### Exercise description
Reproduce word for word, from the entries below, the line with "Lemma aB_sum_falling_coef n", the line with "aB n = (((\sum_(k", and every line between them, and nothing more.

------

(* Over a field of characteristic $0$, write $[a,b]=ab-ba$ and $\{a,b\}=ab+ba$. An algebra is left-symmetric and satisfies $(ab)c-(ba)c-(ac)b+(ca)b+(bc)a-(cb)a=0$ if and only if, in terms of $[\cdot,\cdot]$ and $\{\cdot,\cdot\}$, it satisfies \[ [[a,b],c]+[[b,c],a]+[[c,a],b]=0, \] \[ \{\{a,b\},c\}=-\{[a,b],c\}-2\{[a,c],b\}+[\{a,b\},c]-[[a,c],b]+\{a,\{b,c\}\}-\{a,[b,c]\}+[a,\{b,c\}], \] and \[ \{[a,b],c\}+\{[b,c],a\}+\{[c,a],b\}=0. \]
   Context: A left-symmetric algebra is an algebra whose associator $(a,b,c)=(ab)c-a(bc)$ satisfies $(a,b,c)=(b,a,c)$. The statement is the polarization (Markl–Remm) of this variety. *)

From mathcomp Require Import all_boot all_order all_algebra.
Set Implicit Arguments. Unset Strict Implicit. Unset Printing Implicit Defensive.
Import GRing.Theory.
Local Open Scope ring_scope.

Section NonAssoc.
Variables (K : fieldType) (V : lmodType K) (mul : V -> V -> V).

Definition bilinear_mul : Prop :=
  (forall k x y z, mul (k *: x + y) z = k *: mul x z + mul y z) /\
  (forall k x y z, mul z (k *: x + y) = k *: mul z x + mul z y).

Definition associator (a b c : V) : V := mul (mul a b) c - mul a (mul b c).

Definition left_symmetric : Prop :=
  forall a b c, associator a b c = associator b a c.

Definition lbr (a b : V) : V := mul a b - mul b a.
Definition jbr (a b : V) : V := mul a b + mul b a.
End NonAssoc.

From mathcomp Require Import all_boot all_order all_algebra.
From mathcomp Require Import ring.
Import GRing.Theory.
Set Implicit Arguments. Unset Strict Implicit. Unset Printing Implicit Defensive.
Local Open Scope ring_scope.

(* Everything lives in the span of the twelve degree-three monomials in a, b,
   c.  Expanding the brackets, the three bracket identities are linear
   combinations of the left-symmetry defects d(x,y,z) = (x,y,z) - (y,x,z) and
   of the alternating sum of the (xy)z, and conversely 4 d(a,b,c) and twice
   that alternating sum are combinations of the bracket identities; so the two
   systems are equivalent as soon as 2 is invertible. *)

Section LinearCombination.
Variables (R : comNzRingType) (V : lmodType R).

Definition lincomb (vs : seq V) (p : {poly R}) : V :=
  \sum_(i < size vs) p`_i *: vs`_i.

Lemma lincombD vs p q : lincomb vs (p + q) = lincomb vs p + lincomb vs q.
Proof. by rewrite -big_split; apply: eq_bigr => i _; rewrite coefD scalerDl. Qed.

Lemma lincombN vs p : lincomb vs (- p) = - lincomb vs p.
Proof. by rewrite -sumrN; apply: eq_bigr => i _; rewrite coefN scaleNr. Qed.

Lemma lincombCM vs a p : lincomb vs (a%:P * p) = a *: lincomb vs p.
Proof. by rewrite scaler_sumr; apply: eq_bigr => i _; rewrite coefCM scalerA. Qed.

Lemma lincombXn vs k : (k < size vs)%N -> lincomb vs 'X^k = vs`_k.
Proof.
move=> lt_k; rewrite /lincomb (bigD1 (Ordinal lt_k)) //= coefXn eqxx scale1r.
rewrite big1 ?addr0 // => i neq_ik; rewrite coefXn.
by move: neq_ik; rewrite -val_eqE /= => /negbTE ->; rewrite scale0r.
Qed.

End LinearCombination.

Section BilinearProduct.
Variables (K : fieldType) (V : lmodType K) (mul : V -> V -> V).
Hypothesis hmul : bilinear_mul mul.

Lemma mulDl x y z : mul (x + y) z = mul x z + mul y z.
Proof. by have := hmul.1 1 x y z; rewrite !scale1r. Qed.

Lemma mulDr x y z : mul z (x + y) = mul z x + mul z y.
Proof. by have := hmul.2 1 x y z; rewrite !scale1r. Qed.

Lemma mul0l z : mul 0 z = 0.
Proof. by apply: (addrI (mul 0 z)); rewrite -mulDl !addr0. Qed.

Lemma mul0r z : mul z 0 = 0.
Proof. by apply: (addrI (mul z 0)); rewrite -mulDr !addr0. Qed.

Lemma mulNl x z : mul (- x) z = - mul x z.
Proof. by apply/eqP; rewrite -addr_eq0 -mulDl addNr mul0l. Qed.

Lemma mulNr x z : mul z (- x) = - mul z x.
Proof. by apply/eqP; rewrite -addr_eq0 -mulDr addNr mul0r. Qed.

Definition lsym_defect a b c := associator mul a b c - associator mul b a c.

Definition alt_lmul a b c :=
  mul (mul a b) c - mul (mul b a) c - mul (mul a c) b + mul (mul c a) b
  + mul (mul b c) a - mul (mul c b) a.

Definition lbr_jacobi a b c :=
  lbr mul (lbr mul a b) c + lbr mul (lbr mul b c) a + lbr mul (lbr mul c a) b.

Definition jbr_lbr_cyclic a b c :=
  jbr mul (lbr mul a b) c + jbr mul (lbr mul b c) a + jbr mul (lbr mul c a) b.

Definition jbr_defect a b c :=
  jbr mul (jbr mul a b) c -
  (- jbr mul (lbr mul a b) c - 2%:R *: jbr mul (lbr mul a c) b
   + lbr mul (jbr mul a b) c - lbr mul (lbr mul a c) b
   + jbr mul a (jbr mul b c) - jbr mul a (lbr mul b c)
   + lbr mul a (jbr mul b c)).

(* The k-th monomial is encoded as 'X^k, so that a linear identity between
   monomials becomes a polynomial identity, which [ring] decides. *)
Ltac reify_monomials ms l k :=
  lazymatch l with
  | ?m :: ?l' =>
      rewrite [m](_ : m = lincomb ms 'X^k); [|by rewrite lincombXn];
      reify_monomials ms l' k.+1
  | [::] => idtac
  end.

Ltac trilinear_identity a b c :=
  rewrite /lsym_defect /alt_lmul /lbr_jacobi /jbr_lbr_cyclic /jbr_defect;
  rewrite /associator /lbr /jbr ?(mulDl, mulDr, mulNl, mulNr);
  let monomials := constr:([:: mul (mul a b) c; mul (mul a c) b; mul (mul b a) c;
    mul (mul b c) a; mul (mul c a) b; mul (mul c b) a; mul a (mul b c);
    mul a (mul c b); mul b (mul a c); mul b (mul c a); mul c (mul a b);
    mul c (mul b a)]) in
  let ms := fresh "ms" in
  pose ms := monomials;
  reify_monomials ms monomials 0%N;
  repeat first [rewrite -lincombD | rewrite -lincombN | rewrite -lincombCM];
  congr (lincomb ms _); ring.

Lemma lbr_jacobiE a b c :
  lbr_jacobi a b c = lsym_defect a b c - lsym_defect a c b + lsym_defect b c a.
Proof. trilinear_identity a b c. Qed.

Lemma jbr_defectE a b c :
  jbr_defect a b c =
  lsym_defect a b c + 3%:R *: lsym_defect a c b + lsym_defect b c a.
Proof. trilinear_identity a b c. Qed.

Lemma jbr_lbr_cyclicE a b c :
  jbr_lbr_cyclic a b c =
  - lsym_defect a b c + lsym_defect a c b - lsym_defect b c a
  + 2%:R *: alt_lmul a b c.
Proof. trilinear_identity a b c. Qed.

Lemma lsym_defect_brackets a b c :
  4%:R *: lsym_defect a b c = lbr_jacobi a b c + jbr_defect a c b.
Proof. trilinear_identity a b c. Qed.

Lemma alt_lmul_brackets a b c :
  2%:R *: alt_lmul a b c = lbr_jacobi a b c + jbr_lbr_cyclic a b c.
Proof. trilinear_identity a b c. Qed.

Lemma left_symmetric_alt_iff_brackets (two_neq0 : 2%:R != 0 :> K) :
  left_symmetric mul /\ (forall a b c, alt_lmul a b c = 0) <->
  [/\ forall a b c, lbr_jacobi a b c = 0,
      forall a b c, jbr_defect a b c = 0 &
      forall a b c, jbr_lbr_cyclic a b c = 0].
Proof.
split=> [[lsym alt0] | [jacobi0 jbr0 cyclic0]].
  have defect0 a b c : lsym_defect a b c = 0 by rewrite /lsym_defect lsym subrr.
  split=> a b c;
    by rewrite ?lbr_jacobiE ?jbr_defectE ?jbr_lbr_cyclicE !defect0 ?alt0
               !(scaler0, oppr0, addr0).
have four_neq0 : 4%:R != 0 :> K by rewrite (natrM K 2 2) mulf_neq0.
split=> [a b c | a b c]; apply/eqP.
  have /eqP := lsym_defect_brackets a b c.
  by rewrite jacobi0 jbr0 addr0 scaler_eq0 (negbTE four_neq0) subr_eq0.
have /eqP := alt_lmul_brackets a b c.
by rewrite jacobi0 cyclic0 addr0 scaler_eq0 (negbTE two_neq0).
Qed.

End BilinearProduct.

Theorem mainTheorem14 (K : fieldType) (charK0 : [pchar K] =i pred0)
    (V : lmodType K) (mul : V -> V -> V) (hmul : bilinear_mul mul) :
  (left_symmetric mul /\
   (forall a b c : V,
      mul (mul a b) c - mul (mul b a) c - mul (mul a c) b + mul (mul c a) b
      + mul (mul b c) a - mul (mul c b) a = 0))
  <->
  ((forall a b c : V,
      lbr mul (lbr mul a b) c + lbr mul (lbr mul b c) a
      + lbr mul (lbr mul c a) b = 0) /\
   (forall a b c : V,
      jbr mul (jbr mul a b) c =
        - jbr mul (lbr mul a b) c - 2%:R *: jbr mul (lbr mul a c) b
        + lbr mul (jbr mul a b) c - lbr mul (lbr mul a c) b
        + jbr mul a (jbr mul b c) - jbr mul a (lbr mul b c)
        + lbr mul a (jbr mul b c)) /\
   (forall a b c : V,
      jbr mul (lbr mul a b) c + jbr mul (lbr mul b c) a
      + jbr mul (lbr mul c a) b = 0)).
Proof.
have /pcharf0P char0 := charK0.
have two_neq0 : 2%:R != 0 :> K by rewrite char0.
have brackets := left_symmetric_alt_iff_brackets hmul two_neq0.
split=> [/brackets [jacobi0 jbr0 cyclic0] | [jacobi0 [jbr_eq cyclic0]]].
  by split; [|split] => // a b c; apply/subr0_eq/jbr0.
by apply/brackets; split=> // a b c; rewrite /jbr_defect jbr_eq subrr.
Qed.
(* eta : Idl(A) -> L is a frame isomorphism (eta is only considered on
   ideals). *)
Definition idl_frame_iso (A : PBA) (L : Frame) (eta : (A -> Prop) -> L) : Prop :=
  eta (@idl_top A) = ftop L /\
  (forall I J, is_ideal I -> is_ideal J -> eta (idl_meet I J) = fmeet (eta I) (eta J)) /\
  (forall S : (A -> Prop) -> Prop, (forall I, S I -> is_ideal I) ->
     eta (idl_sup S) = fsup (fun y => exists2 I, S I & y = eta I)) /\
  (forall I J, is_ideal I -> is_ideal J -> eta I = eta J -> I = J) /\
  (forall y : L, exists2 I, is_ideal I & eta I = y).

Definition Cplx := (Rdefinitions.R)[i].

Local Open Scope ring_scope.

Definition adjmx n (p : 'M[Cplx]_n) : 'M[Cplx]_n := map_mx Num.conj (p^T).

Definition is_proj n (p : 'M[Cplx]_n) : bool := (adjmx p == p) && (p *m p == p).

Definition proj n := {p : 'M[Cplx]_n | is_proj p}.

Lemma is_proj0 n : is_proj (0 : 'M[Cplx]_n).
Proof.
rewrite /is_proj /adjmx mul0mx eqxx andbT; apply/eqP/matrixP => i j.
by rewrite !mxE conjC0.
Qed.

Definition proj0 n : proj n := exist _ 0 (is_proj0 n).

Definition ProjData (n : nat) : PBAData := {|
  pcar := proj n;
  pcomm := fun p q => val p *m val q = val q *m val p;
  pzero := proj0 n;
  pone := insubd (proj0 n) (1%:M);
  pneg := fun p => insubd (proj0 n) (1%:M - val p);
  pmeet := fun p q => insubd (proj0 n) (val p *m val q);
  pjoin := fun p q => insubd (proj0 n) (val p + val q - val p *m val q) |}.
Lemma continuous_normsq (T : topologicalType) n (h : T -> 'cV[R]_n) :
  (forall i, continuous (fun y => h y i 0)) -> continuous (fun y => normsq (h y)).
Proof. by move=> hc; apply: continuous_sum => i y; apply: continuousM; exact: hc. Qed.

Lemma is_derive_mx_coord p q (g : R -> 'M[R]_(p, q)) (t : R) dg i j :
  is_derive t 1 g dg -> is_derive t 1 (fun y => g y i j) (dg i j).
Proof.
move=> gd; have dg_ex : derivable g t 1 by case: gd.
have := derive_mx dg_ex; rewrite derive_val => ->; rewrite mxE.
exact/derivableP/((derivable_mxP g t 1).1 dg_ex).
Qed.

Lemma is_derive_sum_ord m (F : 'I_m -> R -> R) (dF : 'I_m -> R) (t : R) :
  (forall i, is_derive t 1 (F i) (dF i)) ->
  is_derive t 1 (fun y => \sum_(i < m) F i y) (\sum_(i < m) dF i).
Proof. by move=> Fd; have := is_derive_sum Fd; rewrite fct_sumE. Qed.

Lemma is_derive_mulmx_coord m n (A : 'M[R]_(m, n)) (g : R -> 'cV[R]_n)
    (t : R) dg i :
  is_derive t 1 g dg -> is_derive t 1 (fun y => (A *m g y) i 0) ((A *m dg) i 0).
Proof.
move=> gd; under eq_fun do rewrite mxE; rewrite mxE.
apply: is_derive_sum_ord => k; exact: is_deriveZ (is_derive_mx_coord k 0 gd).
Qed.

Lemma is_derive_normsq n (h : R -> 'cV[R]_n) (t : R) (dh : 'cV[R]_n) :
  (forall i, is_derive t 1 (fun y => h y i 0) (dh i 0)) ->
  is_derive t 1 (fun y => normsq (h y)) (2 * dot (h t) dh).
Proof.
move=> hd; rewrite /dot mulr_sumr; apply: is_derive_sum_ord => i.
apply: is_derive_eq (is_deriveM (hd i) (hd i)) _.
by rewrite /GRing.scale /=; ring.
Qed.

Lemma continuous_enorm_sqr_affine (T : topologicalType) n (Q : 'M[R]_n)
    (g : T -> 'cV[R]_n) s :
  continuous g -> continuous (fun y => enorm (Q *m (g y - s)) ^+ 2).
Proof.
move=> gc; under eq_fun do rewrite enorm_sq.
apply: continuous_normsq => i; apply: continuous_mulmx_coord => y.
by apply: continuousB; [exact: gc | exact: cst_continuous].
Qed.
(* (i) The infinite fixed point beginning with $a$ of the morphism $a\to aba$, $b\to d$, $c\to b$, $d\to c$ is $2$-automatic. (ii) The infinite fixed point beginning with $a$ of the morphism $a\to aba$, $b\to c$, $c\to b$ is $2$-automatic; more precisely, cutting it into consecutive non-overlapping blocks of length $2$, only the blocks $ab$ and $ac$ occur, and coding $ab=0$, $ac=1$ the resulting sequence is the fixed point of $0\to 01$, $1\to 00$.
   Context: For an integer $q\ge 2$, a sequence is $q$-automatic if it is the image under a letter-to-letter map of a fixed point of a morphism all of whose letter-images have length $q$. *)

From mathcomp Require Import all_boot.
Set Implicit Arguments. Unset Strict Implicit. Unset Printing Implicit Defensive.

(* Infinite words over an alphabet A are functions nat -> A.
   A morphism is a map sigma : A -> seq A, extended to finite words by
   concatenation. *)
Definition morph_word (A : Type) (sigma : A -> seq A) (w : seq A) : seq A :=
  flatten (map sigma w).

Definition prefix (A : Type) (x : nat -> A) (n : nat) : seq A := mkseq x n.

(* x is a fixed point of sigma: x = sigma(x), i.e. for every n, the image
   sigma(x_0 ... x_{n-1}) is a prefix of x.  (For non-erasing morphisms,
   which is the case for every morphism below, this is exactly x = sigma(x)
   since the images of the prefixes have unbounded length.) *)
Definition is_fixpoint (A : Type) (sigma : A -> seq A) (x : nat -> A) : Prop :=
  forall n i, i < size (morph_word sigma (prefix x n)) ->
    nth (x 0) (morph_word sigma (prefix x n)) i = x i.

(* q-automatic: image under a letter-to-letter map of a fixed point of a
   q-uniform morphism (on a finite alphabet). *)
Definition automatic (q : nat) (B : Type) (x : nat -> B) : Prop :=
  exists (C : finType) (tau : C -> seq C) (y : nat -> C) (f : C -> B),
    (forall c, size (tau c) = q) /\ is_fixpoint tau y /\ (forall n, x n = f (y n)).

Inductive L4 : Type := a4 | b4 | c4 | d4.
Definition sigma4 (l : L4) : seq L4 :=
  match l with
  | a4 => [:: a4; b4; a4]
  | b4 => [:: d4]
  | c4 => [:: b4]
  | d4 => [:: c4]
  end.

Inductive L3 : Type := a3 | b3 | c3.
Definition sigma3 (l : L3) : seq L3 :=
  match l with
  | a3 => [:: a3; b3; a3]
  | b3 => [:: c3]
  | c3 => [:: b3]
  end.

(* The morphism 0 -> 01, 1 -> 00 on {0,1}, coded as false = 0, true = 1. *)
Definition mu01 (l : bool) : seq bool :=
  if l then [:: false; false] else [:: false; true].
Definition falling x j := \prod_(i < j) (x - i%:R).

Lemma falling_mul_add x j m :
  falling x j * (x + m%:R) = falling x j.+1 + falling x j *+ (m + j).
Proof.
rewrite /falling big_ord_recr /=; set F := \prod_(i < j) _.
by rewrite -[F *+ _]mulr_natr -mulrDr addnC natrD addrA subrK.
Qed.

Lemma prod_addS_falling x n :
  \prod_(i < n) (x + i.+1%:R) = \sum_(j < n.+1) falling x j *+ falling_coef n j.
Proof.
elim: n => [|n IHn]; first by rewrite big_ord0 big_ord1 falling_coef0 /falling big_ord0.
rewrite big_ord_recr /= IHn mulr_suml.
under [X in X = _]eq_bigr do rewrite mulrnAl falling_mul_add mulrnDl -mulrnA.
rewrite big_split /= [RHS]big_ord_recl.
under [X in _ = _ + X]eq_bigr do rewrite lift0 falling_coefS mulrnDr.
rewrite big_split /= addrCA; congr (_ + _).
rewrite big_ord_recl big_ord_recr /= (falling_coef_small (ltnSn n)) muln0 mulr0n addr0.
rewrite !falling_coef0 addn0 -factS; congr (_ + _).
by apply: eq_bigr => i _; rewrite /bump leq0n add1n addnS.
Qed.

End FallingFactorial.

Section BellUmbra.
Variable R : comNzRingType.
Implicit Types p q : {poly R}.

Definition bell_umbra p : R := \sum_(i < size p) p`_i * (bell i)%:R.

Lemma bell_umbra_widen N p :
  (size p <= N)%N -> bell_umbra p = \sum_(i < N) p`_i * (bell i)%:R.
Proof.
move=> le_pN; rewrite /bell_umbra (big_ord_widen _ (fun i => p`_i * (bell i)%:R) le_pN).
rewrite big_mkcond; apply: eq_bigr => i _.
by case: ltnP => // /(nth_default 0) ->; rewrite mul0r.
Qed.

Fact bell_umbra_is_semilinear : semilinear_for *%R bell_umbra.
Proof.
split=> [a p|p q].
  rewrite (bell_umbra_widen (size_scale_leq a p)) /bell_umbra mulr_sumr.
  by apply: eq_bigr => i _; rewrite coefZ mulrA.
rewrite !(bell_umbra_widen (N := maxn (size p) (size q))) ?leq_maxl ?leq_maxr //; last first.
  exact: leq_trans (size_polyD p q) _.
by rewrite -big_split; apply: eq_bigr => i _; rewrite coefD mulrDl.
Qed.

HB.instance Definition _ :=
  GRing.isSemilinear.Build R {poly R} R *%R bell_umbra bell_umbra_is_semilinear.

Lemma bell_umbraXn m : bell_umbra 'X^m = (bell m)%:R.
Proof.
rewrite /bell_umbra size_polyXn big_ord_recr /= coefXn eqxx mul1r big1 ?add0r //.
by move=> i _; rewrite coefXn (ltn_eqF (ltn_ord i)) mul0r.
Qed.

Lemma bell_umbra_mulX p : bell_umbra ('X * p) = bell_umbra (p \Po ('X + 1)).
Proof.
rewrite -{1}[p]comp_polyXr !comp_polyE mulr_sumr !linear_sum; apply: eq_bigr => i _.
rewrite -scalerAr !linearZ /= -exprS bell_umbraXn exprD1n linear_sum bell_rec natr_sum.
by congr (_ * _); apply: eq_bigr => k _; rewrite raddfMn /= bell_umbraXn natrM mulr_natl.
Qed.

Lemma bell_umbra_falling j : bell_umbra (falling 'X j) = 1.
Proof.
elim: j => [|j IHj]; first by rewrite /falling big_ord0 -(expr0 'X) bell_umbraXn bell0.
rewrite /falling big_ord_recl subr0 bell_umbra_mulX rmorph_prod -IHj.
congr bell_umbra; apply: eq_bigr => i _.
by rewrite rmorphB /= comp_polyX rmorph_nat /bump leq0n add1n -nat1r opprD addrA addrK.
Qed.

End BellUmbra.

Lemma sum_stirling1_bellS (R : comNzRingType) n :
  ((\sum_(k < n.+1) stirling1 n k * bell k.+1)%N)%:R
  = \sum_(j < n.+1) (falling_coef n j)%:R :> R.
Proof.
transitivity (bell_umbra ('X * \prod_(i < n) ('X + i%:R) : {poly R})).
  rewrite prod_add_stirling1 mulr_sumr linear_sum natr_sum; apply: eq_bigr => k _.
  by rewrite mulrCA -exprS mulr_natl raddfMn /= bell_umbraXn natrM mulr_natl.
rewrite bell_umbra_mulX rmorph_prod /=.
under eq_bigr do rewrite rmorphD /= comp_polyX rmorph_nat -addrA nat1r.
rewrite prod_addS_falling linear_sum; apply: eq_bigr => j _.
by rewrite raddfMn /= bell_umbra_falling.
Qed.

Lemma fps_mul_geom f n : fps_mul geom f n = \sum_(i < n.+1) f i.
Proof.
rewrite /fps_mul; under eq_bigr do rewrite mul1r -subSS.
by rewrite -(big_mkord xpredT f) big_rev_mkord subn0.
Qed.

Lemma fps_mul_geom_m1 f n : fps_mul geom_m1 f n = \sum_(i < n) f i.
Proof.
rewrite /fps_mul big_ord_recl /= mul0r add0r.
under eq_bigr do rewrite /bump leq0n add1n /= mul1r.
by rewrite -(big_mkord xpredT f) big_rev_mkord subn0.
Qed.

Lemma fps_pow_geom_m1S j m : fps_pow geom_m1 j.+1 m = \sum_(i < m) fps_pow geom_m1 j i.
Proof. exact: fps_mul_geom_m1. Qed.

Lemma fps_pow_geom_m1 j n : fps_pow geom_m1 j.+1 n.+1 = 'C(n, j)%:R.
Proof.
elim: j n => [|j IHj] n; rewrite fps_pow_geom_m1S big_ord_recl.
  by rewrite big1 ?addr0 ?bin0 // => i _; rewrite lift0.
rewrite fps_pow_geom_m1S big_ord0 add0r.
under eq_bigr do rewrite lift0 IHj.
elim: n => [|n IHn]; first by rewrite big_ord0.
by rewrite big_ord_recr /= IHn binS natrD addrC.
Qed.

Lemma fps_pow_geom_m1_small j m : (m < j)%N -> fps_pow geom_m1 j m = 0.
Proof.
case: j m => [|j] [|m] // lt_mj; first by rewrite fps_pow_geom_m1S big_ord0.
by rewrite fps_pow_geom_m1 bin_small.
Qed.

Lemma aB_sum_falling_coef n : aB n = \sum_(j < n.+1) (falling_coef n j)%:R.
Proof.
have exp_widen m : (m < n.+1)%N ->
    fps_exp geom_m1 m = \sum_(j < n.+1) fps_pow geom_m1 j m / j`!%:R.
  move=> lt_mn; rewrite /fps_exp.
  rewrite (big_ord_widen n.+1 (fun j => fps_pow geom_m1 j m / j`!%:R)) //.
  rewrite big_mkcond; apply: eq_bigr => j _; case: ltnP => // lt_mj.
  by rewrite fps_pow_geom_m1_small ?mul0r.
rewrite /aB fps_mul_geom; under eq_bigr => m _ do rewrite (exp_widen m (ltn_ord m)).
rewrite exchange_big mulr_sumr; apply: eq_bigr => j _.
rewrite -mulr_suml -fps_pow_geom_m1S fps_pow_geom_m1.
have fact_neq0 : j`!%:R != 0 :> rat by rewrite pnatr_eq0 -lt0n fact_gt0.
by rewrite mulrA -natrM mulnC -falling_coef_fact natrM mulfK.
Qed.

Theorem mainTheorem20 (n : nat) :
  aB n = (((\sum_(k < n.+1) stirling1 n k * bell k.+1)%N)%:R)%R.
Proof. by rewrite aB_sum_falling_coef sum_stirling1_bellS. Qed.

------

### Completed exercise
Lemma aB_sum_falling_coef n : aB n = \sum_(j < n.+1) (falling_coef n j)%:R.
Proof.
have exp_widen m : (m < n.+1)%N ->
    fps_exp geom_m1 m = \sum_(j < n.+1) fps_pow geom_m1 j m / j`!%:R.
  move=> lt_mn; rewrite /fps_exp.
  rewrite (big_ord_widen n.+1 (fun j => fps_pow geom_m1 j m / j`!%:R)) //.
  rewrite big_mkcond; apply: eq_bigr => j _; case: ltnP => // lt_mj.
  by rewrite fps_pow_geom_m1_small ?mul0r.
rewrite /aB fps_mul_geom; under eq_bigr => m _ do rewrite (exp_widen m (ltn_ord m)).
rewrite exchange_big mulr_sumr; apply: eq_bigr => j _.
rewrite -mulr_suml -fps_pow_geom_m1S fps_pow_geom_m1.
have fact_neq0 : j`!%:R != 0 :> rat by rewrite pnatr_eq0 -lt0n fact_gt0.
by rewrite mulrA -natrM mulnC -falling_coef_fact natrM mulfK.
Qed.

Theorem mainTheorem20 (n : nat) :
  aB n = (((\sum_(k < n.+1) stirling1 n k * bell k.+1)%N)%:R)%R.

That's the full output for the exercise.